Jesus Cristo novamente é capa de uma revista semanal brasileira. Nesta semana, novamente na IstoÉ, uma das três mais conhecidas publicações semanais de nosso país. E novamente sob um prisma polêmico, afinal de contas o sensacionalismo religioso é que tem garantido certamente boas vendas nos últimos tempos em todo mundo.
A reportagem, na verdade, apresenta trechos de um novo livro “Cristo Senhor” (que está chegando ao Brasil), escrito pela norte-americana Anne Rice, autora da conhecida obra “Entrevista com o vampiro” e de outros livros na mesma linha de bruxas e vampiros. Dizendo-se reconvertida ao catolicismo, ela lançou o novo livro que pretende abordar, entre outras questões, a infância de Jesus Cristo especialmente após a fuga do Egito com os pais. Segundo a reportagem da Revista IstoÉ, em “Cristo Senhor”, que ficou três meses na lista dos mais vendidos do jornal The New York Times, o narrador é o filho de Maria, com a idade de sete anos. É uma ficção reforçada pelos textos não sacramentados pela Igreja Católica.
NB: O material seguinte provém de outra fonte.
(* Fix a horizon $T\ge 1$, $N\ge 1$ net-capacity-surplus profiles $(P_t(k))_{t=1}^T$, $k=1,\dots,N$, and an initial state of charge $S_0\ge 0$. For parameters $\overline{S}\ge S_0$ (energy capacity) and $\overline{x}\ge 0$ (power capacity), let $v_k(\overline{S},\overline{x})$ be the optimal value of problem (P1) for profile $k$, and $$\mathrm{EUE}(\overline{S},\overline{x})=\frac1N\sum_{k=1}^N\Big(\sum_{t=1}^T p_t^-(k)+v_k(\overline{S},\overline{x})\Big).$$ Then (P1) is feasible for every such parameter pair. Moreover, if the qualified capacity is taken to be $\overline{S}$, or $\overline{x}$, or more generally if the parameters move along a ray $(\overline{S},\overline{x})=(\overline{S}^0+a\theta,\ \overline{x}^0+b\theta)$, $\theta\ge 0$, with fixed $a,b\ge 0$, $(a,b)\neq(0,0)$, then $\mathrm{EUE}$, viewed as a function of this single parameter, has the following properties: (i) it is continuous and piecewise linear (with finitely many pieces); (ii) it is non-increasing, so the marginal reliability impact $\mathrm{MRI}=-\partial\,\mathrm{EUE}/\partial\,\mathrm{QC}$ is non-negative wherever it exists, and both one-sided derivatives of $\mathrm{EUE}$ are $\le 0$ everywhere. This holds regardless of the profiles $P_t(k)$.
   Context: For a real number $P_t$ (the net capacity surplus at hour $t$: total available non-storage capacity minus demand), define the net power surplus $p_t^+=\max\{P_t,0\}$ and deficiency $p_t^-=\max\{-P_t,0\}$; thus $p_t^\pm\ge 0$ and $p_t^+p_t^-=0$. For one profile, problem (P1) (single storage under reliability dispatch) is $$\min_{S_1,\dots,S_T}\ \sum_{t=1}^T\min\{0,\,S_t-S_{t-1}\}$$ subject to, for all $t=1,\dots,T$ (with $S_0$ the given constant): $0\le S_t\le \overline{S}$ (multipliers $\lambda_{1t},\lambda_{2t}\ge0$), $-\overline{x}\le S_t-S_{t-1}\le \overline{x}$ (multipliers $\lambda_{3t}$ for the lower, $\lambda_{4t}$ for the upper bound), $-p_t^-\le S_t-S_{t-1}\le p_t^+$ (multipliers $\lambda_{5t},\lambda_{6t}$). Here $S_t$ is the state of charge at the end of hour $t$. The unserved energy of the profile is $\sum_t p_t^-+$ (optimal value), and EUE is the average over the $N$ equally likely profiles. *)

From Stdlib Require Import Reals.
From Coquelicot Require Import Coquelicot.
Open Scope R_scope.

Fixpoint sum1 (n : nat) (f : nat -> R) : R :=
  match n with O => 0 | Datatypes.S m => sum1 m f + f (Datatypes.S m) end.

Fixpoint sum0 (n : nat) (f : nat -> R) : R :=
  match n with O => 0 | Datatypes.S m => sum0 m f + f m end.

Definition pplus (p : R) : R := Rmax p 0.
Definition pminus (p : R) : R := Rmax (- p) 0.

(* Feasibility of a state-of-charge trajectory SoC (SoC 0 = S0, SoC t = end of
   hour t) for problem (P1) with profile P (P t = net capacity surplus at hour t). *)
Definition P1_feasible (T : nat) (P : nat -> R) (S0 Sbar xbar : R)
  (SoC : nat -> R) : Prop :=
  SoC O = S0 /\
  forall t : nat, (1 <= t <= T)%nat ->
    0 <= SoC t <= Sbar /\
    - xbar <= SoC t - SoC (pred t) <= xbar /\
    - pminus (P t) <= SoC t - SoC (pred t) <= pplus (P t).

Definition P1_obj (T : nat) (SoC : nat -> R) : R :=
  sum1 T (fun t => Rmin 0 (SoC t - SoC (pred t))).

Definition P1_value (T : nat) (P : nat -> R) (S0 Sbar xbar : R) : R :=
  real (Glb_Rbar (fun v => exists SoC,
          P1_feasible T P S0 Sbar xbar SoC /\ v = P1_obj T SoC)).

(* EUE over N equally likely profiles Ps k (k = 0..N-1). *)
Definition EUE (T N : nat) (Ps : nat -> nat -> R) (S0 Sbar xbar : R) : R :=
  / INR N * sum0 N (fun k =>
     sum1 T (fun t => pminus (Ps k t)) + P1_value T (Ps k) S0 Sbar xbar).

Definition piecewise_linear_nonneg (f : R -> R) : Prop :=
  exists (n : nat) (br sl ic : nat -> R),
    br O = 0 /\
    (forall i, (i < n)%nat -> br i < br (Datatypes.S i)) /\
    (forall i th, (i < n)%nat -> br i <= th <= br (Datatypes.S i) ->
                  f th = sl i * th + ic i) /\
    (forall th, br n <= th -> f th = sl n * th + ic n).

Definition continuous_nonneg (f : R -> R) : Prop :=
  forall th, 0 <= th ->
    filterlim f (within (fun x => 0 <= x) (locally th)) (locally (f th)).

From Stdlib Require Import Reals Lra Lia Classical Arith.
From Coquelicot Require Import Coquelicot.
Open Scope R_scope.

(* The greedy dispatch, which discharges as much as the deficiency, the power
   capacity and the stored energy allow and charges as much as the surplus,
   the power capacity and the free capacity allow, is optimal for (P1).  Hence
   each optimal value is an explicit expression in the parameters built from
   sums, differences, scalings and minima.  Along a ray the parameters are
   affine in theta; near any point, on either side, and near +oo the
   difference of two affine functions has constant sign, so a minimum of
   functions that are affine there is again affine there.  Thus EUE is
   affine on one-sided neighbourhoods of every point and of +oo, which by
   compactness of [0, M] gives finitely many pieces, continuity and one-sided
   derivatives.  Enlarging the parameters enlarges the feasible set, so EUE is
   non-increasing and all these derivatives are non-positive. *)

Ltac destruct_minmax :=
  unfold pplus, pminus, Rmin, Rmax in *;
  repeat match goal with
  | |- context [Rle_dec ?a ?b] => destruct (Rle_dec a b)
  | H : context [Rle_dec ?a ?b] |- _ => destruct (Rle_dec a b)
  end.

Fixpoint greedy (P : nat -> R) (S0 Sbar xbar : R) (t : nat) : R :=
  match t with
  | O => S0
  | Datatypes.S m =>
      if Rle_dec (P (Datatypes.S m)) 0
      then greedy P S0 Sbar xbar m
           - Rmin (Rmin xbar (- P (Datatypes.S m))) (greedy P S0 Sbar xbar m)
      else greedy P S0 Sbar xbar m
           + Rmin (Rmin xbar (P (Datatypes.S m))) (Sbar - greedy P S0 Sbar xbar m)
  end.

Definition partial_obj (t : nat) (SoC : nat -> R) : R :=
  sum1 t (fun u => Rmin 0 (SoC u - SoC (pred u))).

Section Greedy.

Variables (P : nat -> R) (S0 Sbar xbar : R).
Hypotheses (HS0 : 0 <= S0 <= Sbar) (Hxbar : 0 <= xbar).

Lemma greedy_bounds t : 0 <= greedy P S0 Sbar xbar t <= Sbar.
Proof.
  induction t as [|t IH]; simpl; [lra|].
  destruct (Rle_dec (P (Datatypes.S t)) 0); destruct_minmax; lra.
Qed.

Lemma greedy_feasible T : P1_feasible T P S0 Sbar xbar (greedy P S0 Sbar xbar).
Proof.
  split; [reflexivity|]; intros [|t] Ht; [lia|].
  pose proof (greedy_bounds t); simpl pred; simpl greedy.
  destruct (Rle_dec (P (Datatypes.S t)) 0); destruct_minmax; lra.
Qed.

(* [- partial_obj t] is the energy discharged up to hour [t]: greedy has
   discharged at least as much, and has discharged-plus-stored at least as
   much, as any feasible dispatch. *)
Lemma greedy_dominates T SoC : P1_feasible T P S0 Sbar xbar SoC ->
  forall t, (t <= T)%nat ->
  partial_obj t (greedy P S0 Sbar xbar) <= partial_obj t SoC /\
  partial_obj t (greedy P S0 Sbar xbar) - greedy P S0 Sbar xbar t
    <= partial_obj t SoC - SoC t.
Proof.
  intros [HSoC0 HSoC] t; induction t as [|t IH]; intros Ht.
  - unfold partial_obj; simpl; rewrite HSoC0; lra.
  - destruct IH as [IH1 IH2]; [lia|].
    destruct (HSoC (Datatypes.S t)) as [B [X D]]; [lia|].
    pose proof (greedy_bounds t).
    unfold partial_obj in *; simpl sum1; simpl pred in *; simpl greedy.
    destruct (Rle_dec (P (Datatypes.S t)) 0); destruct_minmax; lra.
Qed.

Lemma P1_value_greedy T :
  P1_value T P S0 Sbar xbar = P1_obj T (greedy P S0 Sbar xbar).
Proof.
  unfold P1_value.
  rewrite (is_glb_Rbar_unique _ (Finite (P1_obj T (greedy P S0 Sbar xbar))));
    [reflexivity|split].
  - intros v [SoC [HSoC ->]].
    exact (proj1 (greedy_dominates T SoC HSoC T (le_n T))).
  - intros l Hl; apply Hl; exists (greedy P S0 Sbar xbar).
    split; [apply greedy_feasible|reflexivity].
Qed.

End Greedy.

Lemma P1_feasible_widen T P S0 Sbar1 xbar1 Sbar2 xbar2 SoC :
  Sbar1 <= Sbar2 -> xbar1 <= xbar2 ->
  P1_feasible T P S0 Sbar1 xbar1 SoC -> P1_feasible T P S0 Sbar2 xbar2 SoC.
Proof.
  intros HS Hx [H0 H]; split; [exact H0|].
  intros t Ht; specialize (H t Ht); lra.
Qed.

Lemma P1_value_antitone T P S0 Sbar1 xbar1 Sbar2 xbar2 :
  0 <= S0 <= Sbar1 -> 0 <= xbar1 -> Sbar1 <= Sbar2 -> xbar1 <= xbar2 ->
  P1_value T P S0 Sbar2 xbar2 <= P1_value T P S0 Sbar1 xbar1.
Proof.
  intros HS0 Hx HS Hxx.
  rewrite !P1_value_greedy by lra.
  apply (greedy_dominates P S0 Sbar2 xbar2 ltac:(lra) ltac:(lra) T); [|lia].
  apply (P1_feasible_widen _ _ _ Sbar1 xbar1); [lra|lra|].
  apply greedy_feasible; lra.
Qed.

Definition affine_near (F : (R -> Prop) -> Prop) (f : R -> R) : Prop :=
  exists s c, F (fun x => f x = s * x + c).

Definition sign_stable (F : (R -> Prop) -> Prop) : Prop :=
  forall s c, F (fun x => 0 <= s * x + c) \/ F (fun x => s * x + c <= 0).

Section AffineNear.

Variable F : (R -> Prop) -> Prop.
Context {FF : Filter F}.

Lemma affine_near_affine p q : affine_near F (fun x => p + q * x).
Proof. exists q, p; apply filter_forall; intros; ring. Qed.

Lemma affine_near_const p : affine_near F (fun _ => p).
Proof. exists 0, p; apply filter_forall; intros; ring. Qed.

Lemma affine_near_plus f g :
  affine_near F f -> affine_near F g -> affine_near F (fun x => f x + g x).
Proof.
  intros [s1 [c1 Hf]] [s2 [c2 Hg]]; exists (s1 + s2), (c1 + c2).
  generalize (filter_and _ _ Hf Hg); apply filter_imp; intros x [-> ->]; ring.
Qed.

Lemma affine_near_minus f g :
  affine_near F f -> affine_near F g -> affine_near F (fun x => f x - g x).
Proof.
  intros [s1 [c1 Hf]] [s2 [c2 Hg]]; exists (s1 - s2), (c1 - c2).
  generalize (filter_and _ _ Hf Hg); apply filter_imp; intros x [-> ->]; ring.
Qed.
A autora assegura, porém, ter se disciplinado para não contradizer o que está na Bíblia.
Como não li o livro evidentemente não vou tecer comentários a respeito do que está escrito na obra. Prefiro falar sobre essa tendência de se criar uma atmosfera sensacionalista em torno da biografia de Jesus Cristo com a nítida intenção de ganhar dinheiro na comercialização de livros, DVDs e outros produtos. Porque o sensacionalismo religioso, tão em voga atualmente, só pretende dar popularidade a quem realiza tais obras. Não vem com a proposta de consolidar a fé e a religiosidade das pessoas e nem de fortalecer os escritos bíblicos. Não serve, também, para ajudar os fiéis cristãos a verem Jesus Cristo como Deus tal qual descrito nos evangelhos e demais textos das Sagradas Escrituras. É para alavancar vendas em um segmento com profundo interesse popular.
Trata-se de uma cadeia de interesses comerciais. O livro vende bem e dá matéria na revista que também pode vender mais por causa disso. Conseqüentemente, o livro passa a vender mais ainda e quem sabe se transforma em um filme. O filme vende bem e gera interesse para se produzir uma série. A série vende bem e pode até se transformar em um seriado e assim continua o ciclo do sensacionalismo religioso, baseado exclusivamente em textos chamados apócrifos. Alguns, diga-se de passagem, como já comprovado no caso do livro Código da Vinci, encontrados em pedaços que mal se encaixavam e cujo conteúdo ainda não está completamente esclarecido. Mesmo assim, a irresponsabilidade de quem só quer ganhar dinheiro e fama com especulações da vida de Jesus Cristo continua firme e forte.